Medicare Set-Asides (MSAs) continue to be a significant area of confusion and concern for plaintiffs’ attorneys dealing with liability settlements. Since the enactment of the Medicare, Medicaid, and SCHIP Extension Act (MMSEA) on Dec. 29, 2007, the utilization of MSAs in liability cases has led to widespread uncertainty. Here, we provide an updated overview of the current state of MSAs in liability cases as of 2025, shedding light on recent developments and clarifying the obligations and best practices for protecting Medicare’s future interests.
What is a Defendant’s Exposure for Future Medicare Expenses?
It remains clear that there is no statutory or regulatory mandate requiring the establishment of MSAs in liability settlements. The Medicare Secondary Payer Manual explicitly states that there should be no recovery of benefits for services rendered after the date of a liability insurance settlement. This position has been consistently upheld in case law and affirmed by CMS itself. The defense has no exposure for any such future accident-related medical expenses covered by Medicare.
Key Case Law
Several precedential federal court decisions support the lack of any mandate for liability MSAs. Notable cases include:
- Sipler v. Trans Am Trucking Inc.: The Court reiterated that no federal law requires set-aside arrangements in personal injury settlements for future medical expenses.

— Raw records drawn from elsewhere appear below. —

Theorem lemma4p2 (n : nat) (a : nat -> nat) (s0 t0 : nat)
  (ha : forall j, (1 <= j <= n)%N -> (0 < a j)%N)
  (hs0 : (0 < s0)%N) (hst : (s0 < t0)%N) (hcop : coprime s0 t0) :
  let w0 : rat := s0%:R / t0%:R in
  let Wsol (w : nat -> rat) :=
    w 0%N = w0 /\
    (forall j, (1 <= j <= n)%N ->
       0 < w j < 1 /\ (a j)%:R * w j + w j.-1 = 1) in
  (exists w, Wsol w) /\
  (forall w w', Wsol w -> Wsol w' -> forall j, (j <= n)%N -> w j = w' j) /\
  (forall (w : nat -> rat) (s t : nat -> nat),
     Wsol w -> s 0%N = s0 -> t 0%N = t0 ->
     (forall j, (1 <= j <= n)%N ->
        coprime (s j) (t j) /\ (0 < t j)%N /\ w j = (s j)%:R / (t j)%:R) ->
     let beta j := gcdn (t j.-1 - s j.-1)%N (a j) in
     let alpha j := (a j %/ beta j)%N in
     (forall j, (1 <= j <= n)%N ->
        (s j)%:R = (rho (rev [seq (a i)%:R | i <- iota 1 j.-1]) * t0%:R
                    + (-1) ^+ j * s0%:R) / (\prod_(1 <= i < j.+1) beta i)%N%:R
        /\ t j = (alpha j * t j.-1)%N
        /\ t j = (\prod_(1 <= i < j.+1) alpha i * t0)%N) /\
     gr_eq (gprod [seq gsub (gscale (s j)%:R^-1 (Lambda (t j))) (Lambda 1)
                | j <- iota 1 n])
         (gadd (gscale ((-1) ^+ n) (Lambda 1))
               (gsum [seq gscale ((-1) ^+ (n - j)
                         * (\prod_(1 <= i < j.+1) beta i)%N%:R
                         / (t0%:R - s0%:R)) (Lambda (t j))
                     | j <- iota 1 n])) /\
     gr_eq (gadd (gscale ((-1) ^+ n) (Lambda 1))
               (gsum [seq gscale ((-1) ^+ (n - j)
                         * (\prod_(1 <= i < j.+1) beta i)%N%:R
                         / (t0%:R - s0%:R)) (Lambda (t j))
                     | j <- iota 1 n]))
         (gadd (gscale ((-1) ^+ n) (Egr 1))
               (gsum [seq gscale ((-1) ^+ (n - j)
                         * (\prod_(1 <= i < j.+1) a i)%N%:R
                         / (1 - w0)) (Egr (t j))
                     | j <- iota 1 n])) /\
     \prod_(1 <= j < n.+1) ((w j)^-1 - 1)
       = (rho (rev [seq (a i)%:R | i <- iota 1 n]) + (-1) ^ (n%:Z - 1) * w0)
         / (1 - w0)).
Proof.
move=> w0 Wsol.
have t0_gt0 := ltn_trans hs0 hst.
have w0_in : 0 < w0 < 1 by rewrite /w0 divr_gt0 ?ltr0n //= ltr_pdivrMr ?ltr0n // mul1r ltr_nat.
have a_neq0 j : (1 <= j <= n)%N -> (a j)%:R != 0 :> rat.
  by move=> hj; rewrite pnatr_eq0 -lt0n ha.
split.
  exists (wseq a w0); split=> // j hj; have /andP[j_gt0 le_jn] := hj.
  by split; [exact: wseq_in_unit ha w0_in _ le_jn | exact: wseq_rec j_gt0 (ha _ hj)].
split.
  move=> x y [x0 x_rec] [y0 y_rec].
  by apply: (recurrence_unique a_neq0) => [|j /x_rec[]|j /y_rec[]] //; rewrite x0 y0.
move=> w s t [w_0 w_bnd] s_0 t_0 st_frac beta alpha; subst s0 t0.
have w_rec j : (1 <= j <= n)%N -> (a j)%:R * w j + w j.-1 = 1 by case/w_bnd.
have w_frac j : (j <= n)%N ->
    [/\ coprime (s j) (t j), (0 < s j < t j)%N & w j = (s j)%:R / (t j)%:R].
  case: j => [_|j lt_jn]; first by rewrite hcop hs0 hst w_0.
  have [cop [t_gt0 wj]] := st_frac j.+1 lt_jn; have [w_in _] := w_bnd j.+1 lt_jn.
  by rewrite cop wj frac_gt0_lt1 // -wj.
split.
  move=> j hj; split; first exact (s_closed_form w_rec w_frac hj).
  split; first exact (beta_alpha_step w_rec w_frac hj).2.
  exact (t_prod_alpha w_rec w_frac (andP hj).2).
split; first exact (prod_Lambda_eq w_rec w_frac).
split; first exact (Lambda_Egr_eq w_rec w_frac).
rewrite -w_0; apply: (prod_invr_subr1_rho w_rec).
- by move=> j /w_bnd[/andP[w_gt0 _] _]; rewrite gt_eqF.
- by rewrite w_0 lt_eqF //; case/andP: w0_in.
Qed.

- Bertrand v. Talen’s Marine & Fuel LLC: This case highlighted that CMS does not require or approve MSAs for personal injury lawsuit settlements.
- Bruton v. Carnival Corp.: The Court confirmed that there is no legal requirement to include a MSA trust account in personal injury lawsuit settlements.
These cases reinforce that, while preparing an MSA might be prudent, it is not legally mandated.
What are the Risks to Plaintiffs?
Although there is no formal requirement to establish MSAs, plaintiffs and their attorneys should consider the potential risks. The Medicare Secondary Payer (MSP) statute empowers CMS to deny coverage if it determines that an injured plaintiff has been compensated for future medical expenses through a liability settlement. This could leave injured plaintiffs without coverage for future accident-related medical expenses. This is particularly concerning for those who are Medicare eligible and cannot otherwise obtain coverage through the Affordable Care Act (ACA).
Best Practices for Plaintiffs’ Attorneys
To protect their clients and themselves, plaintiffs’ attorneys should:
- Assess the Need for an MSA: While not required, establishing an MSA can protect future Medicare coverage for claim-related expenses. This assessment focuses on whether a plaintiff enrolled in Medicare will require further accident-related medical treatment. If such future medical treatment is reasonably foreseeable, it may be prudent to further document the manner in which Medicare’s interest have been protected in the settlement.
- Document Settlement Details: Clearly document whether the settlement includes payment for future medical expenses. Obtain attestations from treating physicians if no future treatment is anticipated. If appropriate, have a formal MSA Allocation prepared.
- Client Education: Ensure clients understand the potential risks of losing Medicare coverage for future medical expenses if an MSA is not established in writing If a formal MSA Allocation has been prepared, education the client on the proper administration as to the MSA funds.
CMS and the Future of Liability MSAs
At the recent National Medicare Secondary Payer Network Annual Educational Conference held in September 2024, representatives from CMS indicated at that time that no further guidance in the Liability MSA workspace was on the horizon. However, CMS may reconsider this position as the aftermath of the 2024 Presidential election. Nevertheless, CMS still retains the ability to deny the payment of future accident-related expenses covered by Medicare under the Medicare Secondary Payer statute based upon the settlement of a liability claim.
Navigating with Caution
As of 2025, the landscape of MSAs in liability cases remains evolving, but the lack of a statutory mandate for MSAs continues. Plaintiffs’ attorneys must navigate this uncertainty with caution, ensuring they take appropriate steps to protect their clients’ future Medicare medical coverage. By staying informed about any new regulatory changes and adhering to best practices, attorneys can effectively manage the risks associated with MSAs and liability settlements.